#### EXERCISE PROMPT
I need the lines below from the one with "Definition Ar : 'M[R]_(d, n)" down to the one with "forall x : 'cV[R]_n, (forall j, 0" reproduced exactly, both ends included, and nothing else.

[[ RECORD SET open ]]

(* Let $A$ be as in the context, suppose $A$ is normal and $cone(A)$ is simplicial, and let $\Delta$ be the coarsest triangulation of $cone(A)$, whose single maximal face is $cone(A)$ itself. Then there exists a cost vector $c\in\mathbb Z^n$ (generic) such that $\Delta=\Delta_c$ and $IP_{A,c}$ is a Gomory family.
   Context: $A\in\mathbb Z^{d\times n}$ has rank $d$, columns $a_1,\dots,a_n$, $cone(A)$ pointed, $\{x\in\mathbb R^n_{\ge0}:Ax=0\}=\{0\}$, $\mathbb ZA=\mathbb Z^d$, $\mathbb NA=\{Au:u\in\mathbb N^n\}$. $A$ is normal if $\mathbb NA=cone(A)\cap\mathbb Z^d$. For $c\in\mathbb R^n$, $\Delta_c$ is the collection of $\sigma\subseteq\{1,\dots,n\}$ (identified with cones $cone(A_\sigma)$) for which some $y\in\mathbb R^d$ has $y\cdot a_j=c_j$ ($j\in\sigma$), $y\cdot a_j<c_j$ ($j\notin\sigma$). A cost vector $c$ is generic if $\Delta_c$ is a triangulation and every program $IP_{A,c}(b)=\min\{c\cdot x: Ax=b,\ x\in\mathbb N^n\}$, $b\in\mathbb NA$, has a unique optimal solution; $IP_{A,c}$ is the family of these programs. For a maximal face $\sigma$ of $\Delta_c$ let $\tilde c_{\bar\sigma}=c_{\bar\sigma}-c_\sigma A_\sigma^{-1}A_{\bar\sigma}$; the group relaxation $G^\sigma(b)$ is $\min\{\tilde c_{\bar\sigma}\cdot x_{\bar\sigma}: A_\sigma x_\sigma+A_{\bar\sigma}x_{\bar\sigma}=b,\ x_{\bar\sigma}\ge0,\ x\in\mathbb Z^n\}$, which solves $IP_{A,c}(b)$ if its optimal solution is non-negative. $IP_{A,c}$ is a Gomory family if for every $b\in\mathbb NA$ some maximal face $\sigma$ of $\Delta_c$ has $G^\sigma(b)$ solving $IP_{A,c}(b)$. *)

From HB Require Import structures.
From mathcomp Require Import all_boot all_order all_algebra.
From mathcomp Require Import reals.
Set Implicit Arguments. Unset Strict Implicit. Unset Printing Implicit Defensive.
Import Order.TTheory GRing.Theory Num.Theory.
Local Open Scope ring_scope.

Section IPDefs.
Variables (R : realType) (d n : nat) (A : 'M[int]_(d, n)).

Definition Ar : 'M[R]_(d, n) := map_mx (fun z : int => z%:~R) A.

Definition in_cone (v : 'cV[R]_d) : Prop :=
  exists x : 'cV[R]_n, (forall j, 0 <= x j 0) /\ v = Ar *m x.

Definition in_cone_sub (s : {set 'I_n}) (v : 'cV[R]_d) : Prop :=
  exists x : 'cV[R]_n, (forall j, 0 <= x j 0) /\ (forall j, j \notin s -> x j 0 = 0)
    /\ v = Ar *m x.

Definition indep_cols (s : {set 'I_n}) : Prop :=
  forall x : 'cV[R]_n, (forall j, j \notin s -> x j 0 = 0) -> Ar *m x = 0 -> x = 0.

Definition in_NA (b : 'cV[int]_d) : Prop :=
  exists u : 'cV[int]_n, (forall j, 0 <= u j 0) /\ b = A *m u.

Definition lattice_spanning : Prop :=
  forall b : 'cV[int]_d, exists u : 'cV[int]_n, b = A *m u.

Definition cone_pointed : Prop :=
  forall v, in_cone v -> in_cone (- v) -> v = 0.

Definition kernel_condition : Prop :=
  forall x : 'cV[R]_n, (forall j, 0 <= x j 0) -> Ar *m x = 0 -> x = 0.

Definition normal : Prop :=
  forall b : 'cV[int]_d, in_cone (map_mx (fun z : int => z%:~R) b) -> in_NA b.

Definition simplicial : Prop :=
  exists V : 'M[R]_d, V \in unitmx /\
    forall v : 'cV[R]_d, in_cone v <->
      exists x : 'cV[R]_d, (forall i, 0 <= x i 0) /\ v = V *m x.

(* sigma is the single maximal face of the coarsest triangulation:
   cone(A_sigma) = cone(A) with A_sigma linearly independent *)
Definition coarsest_face (s : {set 'I_n}) : Prop :=
  indep_cols s /\ forall v, in_cone v <-> in_cone_sub s v.

Definition is_triangulation (D : {set 'I_n} -> Prop) : Prop :=
  [/\ forall s t : {set 'I_n}, D s -> t \subset s -> D t,
      forall s, D s -> indep_cols s,
      forall v, in_cone v <-> exists s, D s /\ in_cone_sub s v &
      forall s t : {set 'I_n}, D s -> D t -> forall v,
        (in_cone_sub s v /\ in_cone_sub t v) <-> in_cone_sub (s :&: t) v].

Definition ya (y : 'rV[R]_d) (j : 'I_n) : R := (y *m Ar) 0 j.

Definition cr (c : 'rV[int]_n) (j : 'I_n) : R := (c 0 j)%:~R.

Definition Delta_c (c : 'rV[int]_n) (s : {set 'I_n}) : Prop :=
  exists y : 'rV[R]_d, forall j,
    (j \in s -> ya y j = cr c j) /\ (j \notin s -> ya y j < cr c j).

Definition maximal_face (c : 'rV[int]_n) (s : {set 'I_n}) : Prop :=
  Delta_c c s /\ forall t : {set 'I_n}, Delta_c c t -> s \subset t -> t = s.

Definition IP_feasible (b : 'cV[int]_d) (u : 'cV[int]_n) : Prop :=
  (forall j, 0 <= u j 0) /\ A *m u = b.

Definition cost (c : 'rV[int]_n) (u : 'cV[int]_n) : int := (c *m u) 0 0.

Definition IP_optimal (c : 'rV[int]_n) (b : 'cV[int]_d) (u : 'cV[int]_n) : Prop :=
  IP_feasible b u /\ forall v, IP_feasible b v -> cost c u <= cost c v.

Definition generic (c : 'rV[int]_n) : Prop :=
  is_triangulation (Delta_c c) /\
  forall b, in_NA b -> exists u, IP_optimal c b u /\ forall v, IP_optimal c b v -> v = u.

(* group relaxation G^sigma(b): x in Z^n, A x = b, x_j >= 0 for j notin sigma,
   minimizing ctilde . x_sigmabar, where ctilde_j = c_j - (c_sigma A_sigma^{-1}) a_j
   and y = c_sigma A_sigma^{-1} is the (unique, A_sigma invertible) row vector
   with y . a_j = c_j for j in sigma. *)
Definition G_feasible (s : {set 'I_n}) (b : 'cV[int]_d) (x : 'cV[int]_n) : Prop :=
  A *m x = b /\ forall j, j \notin s -> 0 <= x j 0.

Definition G_obj (c : 'rV[int]_n) (y : 'rV[R]_d) (s : {set 'I_n}) (x : 'cV[int]_n) : R :=
  \sum_(j | j \notin s) (cr c j - ya y j) * (x j 0)%:~R.

(* G^sigma(b) solves IP_{A,c}(b): its optimal solution is non-negative *)
Definition G_solves (c : 'rV[int]_n) (s : {set 'I_n}) (b : 'cV[int]_d) : Prop :=
  exists y : 'rV[R]_d, (forall j, j \in s -> ya y j = cr c j) /\
  exists x, G_feasible s b x /\
    (forall x', G_feasible s b x' -> G_obj c y s x <= G_obj c y s x') /\
    (forall j, 0 <= x j 0).

Definition gomory_family (c : 'rV[int]_n) : Prop :=
  forall b, in_NA b -> exists s, maximal_face c s /\ G_solves c s b.

End IPDefs.

(* Let sigma be the single maximal face, so every column a_j lies in cone(A_sigma),
   and fix an integer row g with g.a_i >= 1 on sigma (hence g.a_j >= 1 for all j).
   The cost vanishes on sigma and is c_j = B^n (g.a_j) + B^j off sigma, with
   B = 1 + sum_(i in sigma) g.a_i.  As c_sigma = 0, the faces of Delta_c are exactly
   the subsets of sigma, and the group relaxation G^sigma(b) minimizes c.x itself.
   Write b = A_sigma mu with mu >= 0: a group-feasible x has x_sigma <= floor mu, so
   its leading part g.A x_(not sigma) = g.b - g.A x_sigma is smallest exactly when
   x_sigma = floor mu, and normality (applied to b - A floor mu) makes such x
   non-negative.  For these x the leading part is < B, so the entries x_(not sigma)
   are base-B digits and sum_j B^j x_j tells them apart; its minimizer is the unique
   optimum of both IP_{A,c}(b) and G^sigma(b). *)

From HB Require Import structures.
From mathcomp Require Import all_boot all_order all_algebra.
From mathcomp Require Import reals boolp.
From mathcomp Require Import ring lra zify.
Set Implicit Arguments. Unset Strict Implicit. Unset Printing Implicit Defensive.
Import Order.TTheory GRing.Theory Num.Theory.
Local Open Scope ring_scope.

Lemma digits_lt (B m : nat) (w : 'I_m -> nat) :
  (forall j, w j < B)%N -> (\sum_(j < m) w j * B ^ j < B ^ m)%N.
Proof.
elim: m w => [|m IH] w hw; first by rewrite big_ord0 expn0.
rewrite big_ord_recr /= expnS.
have := IH (fun j => w (widen_ord (leqnSn m) j)) (fun j => hw _).
have := hw ord_max; set s := (\sum_(i < m) _)%N; set X := (B ^ m)%N.
set a := w ord_max; nia.
Qed.
(* Let $\Gamma$ be a discrete group acting on the closed disk $\mathbb D^m$ and let $\Delta$ be a closed $\Gamma$-invariant subset of $S^{m-1}=\partial\mathbb D^m$ such that the pair $(\mathbb D^m,\Delta)$ satisfies the properties of condition $( *_\Delta)$. Then there is a second $\Gamma$-space $(\mathbb D^{m+1},\Delta)$, where $\Delta$ (by abuse of notation) is a closed subset of $\partial\mathbb D^{m+1}$ identified $\Gamma$-equivariantly with $\Delta$, which also satisfies the properties of condition $( *_\Delta)$, together with a continuous $\Gamma$-equivariant surjection $\mathbb D^m\times I\to\mathbb D^{m+1}$ (with $\Gamma$ acting trivially on $I$) mapping $\Delta\times I$ to $\Delta$ and mapping $(\mathbb D^m-\Delta)\times I$ homeomorphically onto $\mathbb D^{m+1}-\Delta$.
   Context: A pair $(\mathbb D^n,\Delta)$ with an action of $\Gamma$ on $\mathbb D^n$ and $\Delta$ a closed subset of $S^{n-1}=\partial\mathbb D^n$ satisfies the properties of condition $( *_\Delta)$ if: (i) $\Gamma$ acts properly discontinuously and cocompactly on $\mathbb D^n-\Delta$; (ii) for each compact subset $K$ of $\mathbb D^n-\Delta$ and each $\epsilon>0$ there exists $\delta=\delta(K,\epsilon)>0$ such that for each $\gamma\in\Gamma$, if $d(\gamma K,\Delta)<\delta$ then $\mathrm{diam}(\gamma K)<\epsilon$ (distances in a fixed metric on $\mathbb D^n$). *)

From HB Require Import structures.
From mathcomp Require Import all_boot all_order all_algebra.
From mathcomp Require Import all_classical all_reals all_analysis.
Set Implicit Arguments. Unset Strict Implicit. Unset Printing Implicit Defensive.
Import Order.TTheory GRing.Theory Num.Theory.
Import numFieldNormedType.Exports.
Local Open Scope classical_set_scope.
Local Open Scope ring_scope.

(* Points of R^n are row vectors 'rV[R]_n; the topology is the usual one
   (product topology), and the metric used is the Euclidean one. *)
Definition enorm (R : realType) (n : nat) (x : 'rV[R]_n) : R :=
  Num.sqrt (\sum_(i < n) x ord0 i ^+ 2).

Definition edist (R : realType) (n : nat) (x y : 'rV[R]_n) : R := enorm (x - y).

Definition disk (R : realType) (n : nat) : set 'rV[R]_n := [set x | enorm x <= 1].
Definition sphere (R : realType) (n : nat) : set 'rV[R]_n := [set x | enorm x = 1].
Arguments disk {R} n.
Arguments sphere {R} n.

Definition unit_interval (R : realType) : set R := [set t | 0 <= t <= 1].
Arguments unit_interval R : clear implicits.

(* distance between two sets (inf of distances; +oo if one is empty) *)
Definition set_dist (R : realType) (n : nat) (A B : set 'rV[R]_n) : \bar R :=
  ereal_inf [set r | exists x y, [/\ A x, B y & r = (edist x y)%:E]].

(* diameter of a set (sup of distances; -oo for the empty set) *)
Definition diam (R : realType) (n : nat) (A : set 'rV[R]_n) : \bar R :=
  ereal_sup [set r | exists x y, [/\ A x, A y & r = (edist x y)%:E]].

Definition disk_action (G : groupType) (R : realType) (n : nat)
  (a : G -> 'rV[R]_n -> 'rV[R]_n) : Prop :=
  [/\ forall g, {within disk n, continuous (a g)},
      forall g x, disk n x -> disk n (a g x),
      forall x, disk n x -> a 1%g x = x &
      forall g h x, disk n x -> a (g * h)%g x = a g (a h x)].

Definition prop_disc (G : groupType) (R : realType) (n : nat)
  (a : G -> 'rV[R]_n -> 'rV[R]_n) (X : set 'rV[R]_n) : Prop :=
  forall K : set 'rV[R]_n, compact K -> K `<=` X ->
    finite_set [set g : G | exists2 x, K x & K (a g x)].

Definition cocompact (G : groupType) (R : realType) (n : nat)
  (a : G -> 'rV[R]_n -> 'rV[R]_n) (X : set 'rV[R]_n) : Prop :=
  exists K : set 'rV[R]_n, [/\ compact K, K `<=` X &
    forall x, X x -> exists g y, K y /\ x = a g y].

Definition star_cond (G : groupType) (R : realType) (n : nat)
  (a : G -> 'rV[R]_n -> 'rV[R]_n) (Delta : set 'rV[R]_n) : Prop :=
  [/\ prop_disc a (disk n `\` Delta),
      cocompact a (disk n `\` Delta) &
      forall K : set 'rV[R]_n, compact K -> K `<=` disk n `\` Delta ->
      forall eps : R, 0 < eps -> exists2 delta : R, 0 < delta &
        forall g : G, (set_dist (a g @` K) Delta < delta%:E)%E ->
                      (diam (a g @` K) < eps%:E)%E].

Definition homeo_onto (T : topologicalType) (U : topologicalType)
  (f : T -> U) (A : set T) (B : set U) : Prop :=
  [/\ {within A, continuous f}, f @` A = B,
      {in A &, injective f} &
      exists h : U -> T, {within B, continuous h} /\
        forall y, B y -> A (h y) /\ f (h y) = y].

From Pilot Require Import Defs.
From HB Require Import structures.
From mathcomp Require Import all_boot all_order all_algebra.
From mathcomp Require Import all_classical all_reals all_analysis.
From mathcomp Require Import ring lra.
Import Order.TTheory GRing.Theory Num.Theory.
Import numFieldNormedType.Exports.
Local Open Scope classical_set_scope.
Local Open Scope ring_scope.

(* Let d(x) be the distance from x to the cone |x| Delta. The lens
   {(v, x) : |x| <= 1, |v| <= 1 - |x| + d(x)} contains D^m, and its vertical
   fibres degenerate exactly over Delta. Stretching I affinely onto these
   fibres and pushing the lens radially onto D^(m+1) along its positively
   homogeneous, Lipschitz gauge yields a continuous surjection
   F : D^m x I -> D^(m+1) that is injective off Delta x I and collapses
   {p} x I to p for p in Delta. Since Delta is invariant, the action
   b_g = F o (a_g x id) o F^-1 is well defined; b_g and F^-1 (off Delta) are
   continuous because D^m x I is compact. Finally |F(x, t) - p| and |x - p|
   are comparable for p in Delta, which carries condition (ii) over. *)

Section Euclid.
Context {R : realType} {n : nat}.
Implicit Types (x y z : 'rV[R]_n).

Definition dot x y : R := \sum_(i < n) x ord0 i * y ord0 i.

Lemma dotC x y : dot x y = dot y x.
Proof. by apply: eq_bigr => i _; rewrite mulrC. Qed.

Lemma dotDl x y z : dot (x + y) z = dot x z + dot y z.
Proof. by rewrite /dot -big_split; apply: eq_bigr => i _; rewrite mxE mulrDl. Qed.

Lemma dotZl (c : R) x y : dot (c *: x) y = c * dot x y.
Proof. by rewrite /dot mulr_sumr; apply: eq_bigr => i _; rewrite mxE mulrA. Qed.

Lemma dotBl x y z : dot (x - y) z = dot x z - dot y z.
Proof. by rewrite dotDl -scaleN1r dotZl mulN1r. Qed.

Lemma dotDr x y z : dot x (y + z) = dot x y + dot x z.
Proof. by rewrite dotC dotDl !(dotC x). Qed.

Lemma dotZr (c : R) x y : dot x (c *: y) = c * dot x y.
Proof. by rewrite dotC dotZl dotC. Qed.

Lemma dotBr x y z : dot x (y - z) = dot x y - dot x z.
Proof. by rewrite dotC dotBl !(dotC x). Qed.

Lemma dot_ge0 x : 0 <= dot x x.
Proof. by apply: sumr_ge0 => i _; rewrite -expr2 sqr_ge0. Qed.

Lemma dot_eq0 x : dot x x = 0 -> x = 0.
Proof.
move=> /eqP; rewrite psumr_eq0 => [/allP x0|i _]; last by rewrite -expr2 sqr_ge0.
by apply/rowP => i; rewrite mxE; move: (x0 i (mem_index_enum _)); rewrite mulf_eq0 orbb => /eqP.
Qed.

Lemma enormE x : enorm x = Num.sqrt (dot x x).
Proof. by rewrite /enorm /dot; congr Num.sqrt; apply: eq_bigr => i _; rewrite expr2. Qed.

Lemma enorm_ge0 x : 0 <= enorm x.
Proof. by rewrite enormE sqrtr_ge0. Qed.

Lemma enorm_sqr x : enorm x ^+ 2 = dot x x.
Proof. by rewrite enormE sqr_sqrtr // dot_ge0. Qed.

Lemma enorm_eq0 x : enorm x = 0 -> x = 0.
Proof. by move=> h; apply: dot_eq0; rewrite -enorm_sqr h expr0n. Qed.

Lemma enorm_gt0 x : x != 0 -> 0 < enorm x.
Proof. by move=> x0; rewrite lt_def enorm_ge0 andbT; apply: contra x0 => /eqP/enorm_eq0 ->. Qed.

Lemma enorm0 : enorm (0 : 'rV[R]_n) = 0.
Proof. by rewrite enormE /dot big1 ?sqrtr0 // => i _; rewrite mxE mul0r. Qed.

Lemma enormZ (c : R) x : enorm (c *: x) = `|c| * enorm x.
Proof. by rewrite !enormE dotZl dotZr mulrA -expr2 sqrtrM ?sqr_ge0 // sqrtr_sqr. Qed.

Lemma enormN x : enorm (- x) = enorm x.
Proof. by rewrite -scaleN1r enormZ normrN normr1 mul1r. Qed.

Lemma enorm_subC x y : enorm (x - y) = enorm (y - x).
Proof. by rewrite -enormN opprB. Qed.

[[ RECORD SET closed ]]

#### EXERCISE ANSWER
Definition Ar : 'M[R]_(d, n) := map_mx (fun z : int => z%:~R) A.

Definition in_cone (v : 'cV[R]_d) : Prop :=
  exists x : 'cV[R]_n, (forall j, 0 <= x j 0) /\ v = Ar *m x.

Definition in_cone_sub (s : {set 'I_n}) (v : 'cV[R]_d) : Prop :=
  exists x : 'cV[R]_n, (forall j, 0 <= x j 0) /\ (forall j, j \notin s -> x j 0 = 0)
    /\ v = Ar *m x.

Definition indep_cols (s : {set 'I_n}) : Prop :=
  forall x : 'cV[R]_n, (forall j, j \notin s -> x j 0 = 0) -> Ar *m x = 0 -> x = 0.

Definition in_NA (b : 'cV[int]_d) : Prop :=
  exists u : 'cV[int]_n, (forall j, 0 <= u j 0) /\ b = A *m u.

Definition lattice_spanning : Prop :=
  forall b : 'cV[int]_d, exists u : 'cV[int]_n, b = A *m u.

Definition cone_pointed : Prop :=
  forall v, in_cone v -> in_cone (- v) -> v = 0.

Definition kernel_condition : Prop :=
  forall x : 'cV[R]_n, (forall j, 0 <= x j 0) -> Ar *m x = 0 -> x = 0.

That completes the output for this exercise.